EXTRACTED ENTRIES:
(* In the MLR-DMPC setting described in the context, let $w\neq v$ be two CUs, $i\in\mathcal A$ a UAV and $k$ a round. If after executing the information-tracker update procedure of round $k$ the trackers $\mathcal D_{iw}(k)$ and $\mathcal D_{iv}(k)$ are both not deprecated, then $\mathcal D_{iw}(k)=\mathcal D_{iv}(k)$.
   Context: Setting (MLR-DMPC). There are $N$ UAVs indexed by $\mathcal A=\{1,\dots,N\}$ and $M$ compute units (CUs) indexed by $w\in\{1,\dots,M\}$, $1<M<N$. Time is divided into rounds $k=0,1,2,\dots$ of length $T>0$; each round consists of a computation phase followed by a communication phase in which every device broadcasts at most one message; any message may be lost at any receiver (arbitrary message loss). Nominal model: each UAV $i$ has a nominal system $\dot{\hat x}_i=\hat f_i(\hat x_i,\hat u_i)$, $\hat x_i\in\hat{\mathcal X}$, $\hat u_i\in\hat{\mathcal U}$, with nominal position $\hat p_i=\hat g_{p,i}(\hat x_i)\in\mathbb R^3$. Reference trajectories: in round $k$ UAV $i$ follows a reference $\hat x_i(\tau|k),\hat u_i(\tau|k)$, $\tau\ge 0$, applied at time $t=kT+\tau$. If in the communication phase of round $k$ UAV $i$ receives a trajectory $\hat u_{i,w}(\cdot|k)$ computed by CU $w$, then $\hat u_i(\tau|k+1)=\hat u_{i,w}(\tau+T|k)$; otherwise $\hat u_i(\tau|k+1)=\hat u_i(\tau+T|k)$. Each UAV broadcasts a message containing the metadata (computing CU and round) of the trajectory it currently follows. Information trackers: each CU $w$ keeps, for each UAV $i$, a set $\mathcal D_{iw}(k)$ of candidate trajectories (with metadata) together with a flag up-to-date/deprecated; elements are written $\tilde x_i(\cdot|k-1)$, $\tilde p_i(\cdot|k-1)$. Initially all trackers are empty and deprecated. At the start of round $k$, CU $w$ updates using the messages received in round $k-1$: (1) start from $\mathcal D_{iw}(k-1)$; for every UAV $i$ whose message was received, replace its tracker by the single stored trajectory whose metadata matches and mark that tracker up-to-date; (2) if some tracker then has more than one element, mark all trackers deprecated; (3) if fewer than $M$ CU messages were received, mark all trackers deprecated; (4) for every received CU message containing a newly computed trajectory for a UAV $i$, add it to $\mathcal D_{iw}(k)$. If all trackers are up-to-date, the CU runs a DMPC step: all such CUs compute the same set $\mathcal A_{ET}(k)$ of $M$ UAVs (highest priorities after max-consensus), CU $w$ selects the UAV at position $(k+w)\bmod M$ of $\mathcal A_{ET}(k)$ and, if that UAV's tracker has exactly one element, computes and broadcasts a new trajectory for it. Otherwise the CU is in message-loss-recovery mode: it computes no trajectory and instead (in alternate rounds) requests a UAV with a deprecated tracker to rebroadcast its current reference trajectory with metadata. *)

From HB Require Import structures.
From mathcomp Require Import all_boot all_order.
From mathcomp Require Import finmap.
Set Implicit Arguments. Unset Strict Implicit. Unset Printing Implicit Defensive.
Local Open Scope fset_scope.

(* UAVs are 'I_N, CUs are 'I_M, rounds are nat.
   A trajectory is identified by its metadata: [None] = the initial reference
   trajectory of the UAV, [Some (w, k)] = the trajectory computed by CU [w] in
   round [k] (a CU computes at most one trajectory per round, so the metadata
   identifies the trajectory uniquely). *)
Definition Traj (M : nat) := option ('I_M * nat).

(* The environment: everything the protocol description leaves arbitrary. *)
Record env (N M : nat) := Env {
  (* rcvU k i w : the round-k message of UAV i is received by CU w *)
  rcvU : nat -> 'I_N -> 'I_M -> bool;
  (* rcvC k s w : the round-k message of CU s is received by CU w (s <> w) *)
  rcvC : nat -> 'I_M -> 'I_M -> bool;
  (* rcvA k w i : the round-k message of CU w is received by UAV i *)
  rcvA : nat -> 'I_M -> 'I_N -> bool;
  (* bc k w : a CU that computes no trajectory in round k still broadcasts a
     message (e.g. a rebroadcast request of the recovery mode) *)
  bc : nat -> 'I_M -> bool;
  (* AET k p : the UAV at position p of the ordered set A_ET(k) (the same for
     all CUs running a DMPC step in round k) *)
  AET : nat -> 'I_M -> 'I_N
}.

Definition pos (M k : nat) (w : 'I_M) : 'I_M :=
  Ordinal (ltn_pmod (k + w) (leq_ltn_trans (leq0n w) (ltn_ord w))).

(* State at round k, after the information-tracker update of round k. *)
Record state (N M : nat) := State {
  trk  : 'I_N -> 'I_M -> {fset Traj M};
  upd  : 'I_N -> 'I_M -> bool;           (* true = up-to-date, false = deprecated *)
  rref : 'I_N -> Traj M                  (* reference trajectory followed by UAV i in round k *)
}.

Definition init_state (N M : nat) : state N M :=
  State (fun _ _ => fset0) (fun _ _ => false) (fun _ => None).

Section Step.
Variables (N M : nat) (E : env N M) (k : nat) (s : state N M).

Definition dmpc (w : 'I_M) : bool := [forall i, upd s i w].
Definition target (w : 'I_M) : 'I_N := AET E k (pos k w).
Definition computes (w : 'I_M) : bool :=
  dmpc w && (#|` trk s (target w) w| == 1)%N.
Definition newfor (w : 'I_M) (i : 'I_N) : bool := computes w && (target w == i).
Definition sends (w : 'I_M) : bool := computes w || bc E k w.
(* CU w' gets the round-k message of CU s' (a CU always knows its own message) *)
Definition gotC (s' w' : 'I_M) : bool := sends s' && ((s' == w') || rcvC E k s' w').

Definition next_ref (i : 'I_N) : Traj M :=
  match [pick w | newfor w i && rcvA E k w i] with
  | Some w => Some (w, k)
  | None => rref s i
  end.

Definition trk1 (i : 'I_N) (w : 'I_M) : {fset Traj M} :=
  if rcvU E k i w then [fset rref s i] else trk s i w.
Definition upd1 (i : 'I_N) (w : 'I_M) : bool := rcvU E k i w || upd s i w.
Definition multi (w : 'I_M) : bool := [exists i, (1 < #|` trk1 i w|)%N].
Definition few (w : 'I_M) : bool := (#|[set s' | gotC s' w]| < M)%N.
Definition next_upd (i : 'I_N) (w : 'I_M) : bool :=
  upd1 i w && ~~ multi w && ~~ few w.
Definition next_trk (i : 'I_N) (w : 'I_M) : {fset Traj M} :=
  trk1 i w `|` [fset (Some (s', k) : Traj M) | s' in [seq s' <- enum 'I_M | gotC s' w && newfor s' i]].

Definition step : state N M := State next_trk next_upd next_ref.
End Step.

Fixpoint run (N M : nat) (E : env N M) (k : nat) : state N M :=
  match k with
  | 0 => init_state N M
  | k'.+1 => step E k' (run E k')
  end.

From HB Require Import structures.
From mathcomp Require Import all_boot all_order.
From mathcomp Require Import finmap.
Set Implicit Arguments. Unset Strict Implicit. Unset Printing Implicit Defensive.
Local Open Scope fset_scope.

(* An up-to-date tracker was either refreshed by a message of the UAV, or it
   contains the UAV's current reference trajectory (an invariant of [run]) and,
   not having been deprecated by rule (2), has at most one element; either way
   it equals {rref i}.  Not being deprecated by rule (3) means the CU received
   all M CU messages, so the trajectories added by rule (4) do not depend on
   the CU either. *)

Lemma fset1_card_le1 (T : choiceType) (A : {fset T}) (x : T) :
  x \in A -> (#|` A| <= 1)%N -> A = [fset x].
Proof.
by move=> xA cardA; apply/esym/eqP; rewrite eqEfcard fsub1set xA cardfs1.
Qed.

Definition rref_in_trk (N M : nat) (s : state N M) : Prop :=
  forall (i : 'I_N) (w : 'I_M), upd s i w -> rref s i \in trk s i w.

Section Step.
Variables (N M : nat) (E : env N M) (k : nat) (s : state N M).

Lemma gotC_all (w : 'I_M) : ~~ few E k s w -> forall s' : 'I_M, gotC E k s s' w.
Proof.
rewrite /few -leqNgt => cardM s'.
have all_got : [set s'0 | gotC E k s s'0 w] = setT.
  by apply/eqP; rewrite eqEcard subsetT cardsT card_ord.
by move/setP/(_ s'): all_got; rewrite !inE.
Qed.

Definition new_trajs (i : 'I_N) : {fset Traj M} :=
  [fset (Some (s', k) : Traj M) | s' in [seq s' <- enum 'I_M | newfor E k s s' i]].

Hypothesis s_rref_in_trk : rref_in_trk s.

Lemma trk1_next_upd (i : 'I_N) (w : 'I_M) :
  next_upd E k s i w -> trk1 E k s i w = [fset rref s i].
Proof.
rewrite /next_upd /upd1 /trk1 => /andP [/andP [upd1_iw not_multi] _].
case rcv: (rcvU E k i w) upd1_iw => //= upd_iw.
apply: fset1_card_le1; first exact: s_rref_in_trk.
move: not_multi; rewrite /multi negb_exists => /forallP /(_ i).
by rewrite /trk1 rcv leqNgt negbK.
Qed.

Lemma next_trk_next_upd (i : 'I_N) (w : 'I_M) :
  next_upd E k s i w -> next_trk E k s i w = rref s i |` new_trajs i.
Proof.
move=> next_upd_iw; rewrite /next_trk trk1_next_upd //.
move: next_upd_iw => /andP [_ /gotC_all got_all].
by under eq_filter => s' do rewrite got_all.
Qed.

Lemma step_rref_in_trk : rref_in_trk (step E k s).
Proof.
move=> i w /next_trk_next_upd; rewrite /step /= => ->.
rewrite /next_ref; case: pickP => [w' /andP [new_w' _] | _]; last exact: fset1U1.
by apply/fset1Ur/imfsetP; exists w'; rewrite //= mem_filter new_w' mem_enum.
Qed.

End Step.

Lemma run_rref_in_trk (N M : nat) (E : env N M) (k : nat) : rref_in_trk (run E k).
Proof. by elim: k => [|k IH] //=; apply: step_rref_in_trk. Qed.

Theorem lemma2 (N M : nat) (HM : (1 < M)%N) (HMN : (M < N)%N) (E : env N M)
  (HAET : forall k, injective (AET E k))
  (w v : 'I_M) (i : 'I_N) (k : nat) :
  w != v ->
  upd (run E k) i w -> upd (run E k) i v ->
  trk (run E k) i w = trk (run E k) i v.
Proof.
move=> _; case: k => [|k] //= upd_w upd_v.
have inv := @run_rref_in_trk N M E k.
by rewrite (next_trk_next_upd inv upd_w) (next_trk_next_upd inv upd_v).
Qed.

THE PROBLEM: Every line above with the string "leqNgt" in it should be copied into the answer.

PROBLEM SOLUTION:
rewrite /few -leqNgt => cardM s'.
by rewrite /trk1 rcv leqNgt negbK.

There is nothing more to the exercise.